Ospite di "Cose di Calcio", l'ex tecnico tra le altre di Juve Next Gen, Crotone e Perugia Lamberto Zauli, ha analizzato le problematiche del campionato di serie C: "Ravenna e Arezzo stanno facendo un campionato fin adesso eccezionale, però l'esperienza ci insegna che il giorno di andata è un campionato e il giorno di ritorno è un altro. Però sicuramente sono le squadre che hanno fatto meglio, stanno facendo meglio e quindi sicuramente penso che loro due arriveranno fino alla fine. Anche se poi l'Ascoli sta facendo molto bene, un po' staccato, però penso che forse l'Ascoli può se fanno un piccolo passo falso riagganciarsi, però penso che le prime due siano attrezzatissime".
C'è il grande problema della Ternana che non si sa purtroppo come finirà, c'è il problema del Rimini e sappiamo come è finita, c'è il Perugia che invece è in difficoltà, ma lo è dal punto di vista tecnico. Insomma, è un campionato che ogni anno purtroppo ripropone gli stessi problemi: "Bisogna fare qualcosa perché, non lo dico io, insomma, è una mancanza di rispetto a chi sta dentro e quindi ci si dedica tanto, i presidenti ci mettono dei soldi, tutti i tesserati ci mettono passione, sogni e quindi vedersi poi cambiare il tutto fa male, è brutto per gli amanti noi del calcio e quindi ci siamo, pensavamo l'anno scorso, nel Girone C soprattutto, di aver visto il peggio, invece quest'anno abbiamo continuato a vedere queste cose, quindi assolutamente dispiace".
C'è anche chi ha parlato di campionato falsato, secondo te troppo? "No, può fare la differenza, fa sicuramente la differenza perché ogni squadra ha il proprio obiettivo, tre punti sono tanti, per assurdo si penalizza chi aveva perso con Rimini e non chi aveva vinto, quindi secondo me questo è penalizzante per il campionato".
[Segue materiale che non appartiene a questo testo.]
Lemma sqnorm_cauchy_cvg (u : nat -> V) :
  (forall d : R, 0 < d -> exists N, forall m n, (N <= m)%N -> (N <= n)%N ->
     sqnorm (u m - u n) < d) ->
  exists l, hconv H u l.
Proof.
move=> cauchy_u; apply: inner_complete => e e_gt0.
have [N HN] := cauchy_u _ (exprn_gt0 2 e_gt0).
by exists N => m n Nm Nn; rewrite -/(hnorm H _) hnorm_lt // HN.
Qed.

Lemma invS_lt_eventually (e : R) : 0 < e ->
  exists N, forall n, (N <= n)%N -> n.+1%:R^-1 < e.
Proof.
move=> e_gt0; have inve_ge0 : 0 <= e^-1 by rewrite invr_ge0 ltW.
exists (Num.bound e^-1) => n Nn.
rewrite invf_plt ?posrE ?ltr0n //.
apply: lt_le_trans (archi_boundP inve_ge0) _.
by rewrite ler_nat (leq_trans Nn).
Qed.

Lemma closed_subspaceN (A : set V) x : closed_subspace H A -> A x -> A (- x).
Proof. by case=> _ _ AZ _ Ax; rewrite -scaleN1r; apply: AZ. Qed.

Lemma closed_subspaceB (A : set V) x y :
  closed_subspace H A -> A x -> A y -> A (x - y).
Proof.
by move=> cA Ax Ay; case: (cA) => _ AD _ _; apply: AD Ax (closed_subspaceN cA Ay).
Qed.

Lemma parallelogram x y :
  sqnorm (x + y) + sqnorm (x - y) = 2 * sqnorm x + 2 * sqnorm y.
Proof. by rewrite sqnormD sqnormB; lra. Qed.

Lemma near_minimizers_close (A : set V) x (d ea eb : R) a b :
  closed_subspace H A -> (forall c, A c -> d <= sqnorm (x - c)) -> A a -> A b ->
  sqnorm (x - a) <= d + ea -> sqnorm (x - b) <= d + eb ->
  sqnorm (a - b) <= 2 * ea + 2 * eb.
Proof.
move=> [_ AD AZ _] d_le Aa Ab near_a near_b.
pose m := (2^-1 : R)%:C *: (a + b).
have mid : (x - a) + (x - b) = 2%:R%:C *: (x - m).
  rewrite scalerBr scalerA -rmorphM /= mulfV ?pnatr_eq0 // scale1r.
  by rewrite rmorph_nat scaler_nat mulr2n addrACA opprD.
have := parallelogram (x - a) (x - b).
have -> : x - a - (x - b) = - (a - b) by rewrite !opprB addrC addrA subrK.
rewrite mid sqnormZ sqnormN expr2.
have := d_le m (AZ _ _ (AD _ _ Aa Ab)).
lra.
Qed.

Lemma hconv_sqnorm_sub_le x u l (d : R) : hconv H u l -> 0 <= d ->
  (forall e : R, 0 < e -> exists N, forall n, (N <= n)%N -> sqnorm (x - u n) < d + e) ->
  sqnorm (x - l) <= d.
Proof.
move=> /hconv_sqnorm cvg_ul d_ge0 near_d; apply/ler_addgt0Pr => eps eps_gt0.
pose e := eps / 3%:R; have e_gt0 : 0 < e by rewrite divr_gt0.
pose s := e / (d + 1); have s_gt0 : 0 < s by rewrite divr_gt0 // ltr_wpDl.
pose K := 1 + s^-1; have K_gt0 : 0 < K by rewrite ltr_wpDr // invr_ge0 ltW.
have [N1 HN1] := cvg_ul (e / K) (divr_gt0 e_gt0 K_gt0).
have [N2 HN2] := near_d 1 ltr01.
have [N3 HN3] := near_d e e_gt0.
pose n := maxn N1 (maxn N2 N3).
have [/HN1 small_l /HN2 near1 /HN3 neare] : [/\ N1 <= n, N2 <= n & N3 <= n]%N.
  by split; rewrite !leq_max leqnn ?orbT.
have sq1_le : s * sqnorm (x - u n) <= e.
  by rewrite -ler_pdivlMl // invf_div divfK ?gt_eqF // ltW.
have sq2_le : K * sqnorm (u n - l) <= e.
  by rewrite mulrC -ler_pdivlMr // ltW.
have := sqnormD_le (x - u n) (u n - l) s_gt0.
rewrite addrA subrK mulrDl mul1r -/K.
have eps3 : eps = e * 3%:R by rewrite divfK ?pnatr_eq0.
lra.
Qed.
Personalmente quanto ti manca la panchina e se si è già mosso qualcosa? "No, non si è mosso niente, manca perché è la passione nostra, ci piace, quello che ci dà la panchina, il campo è quell'adrenalina che comunque quando non sei dentro è assolutamente assente, però ho l'età giusta per aspettare anche con serenità la cosa giusta e quindi speriamo capiti senza grandissime apprensioni".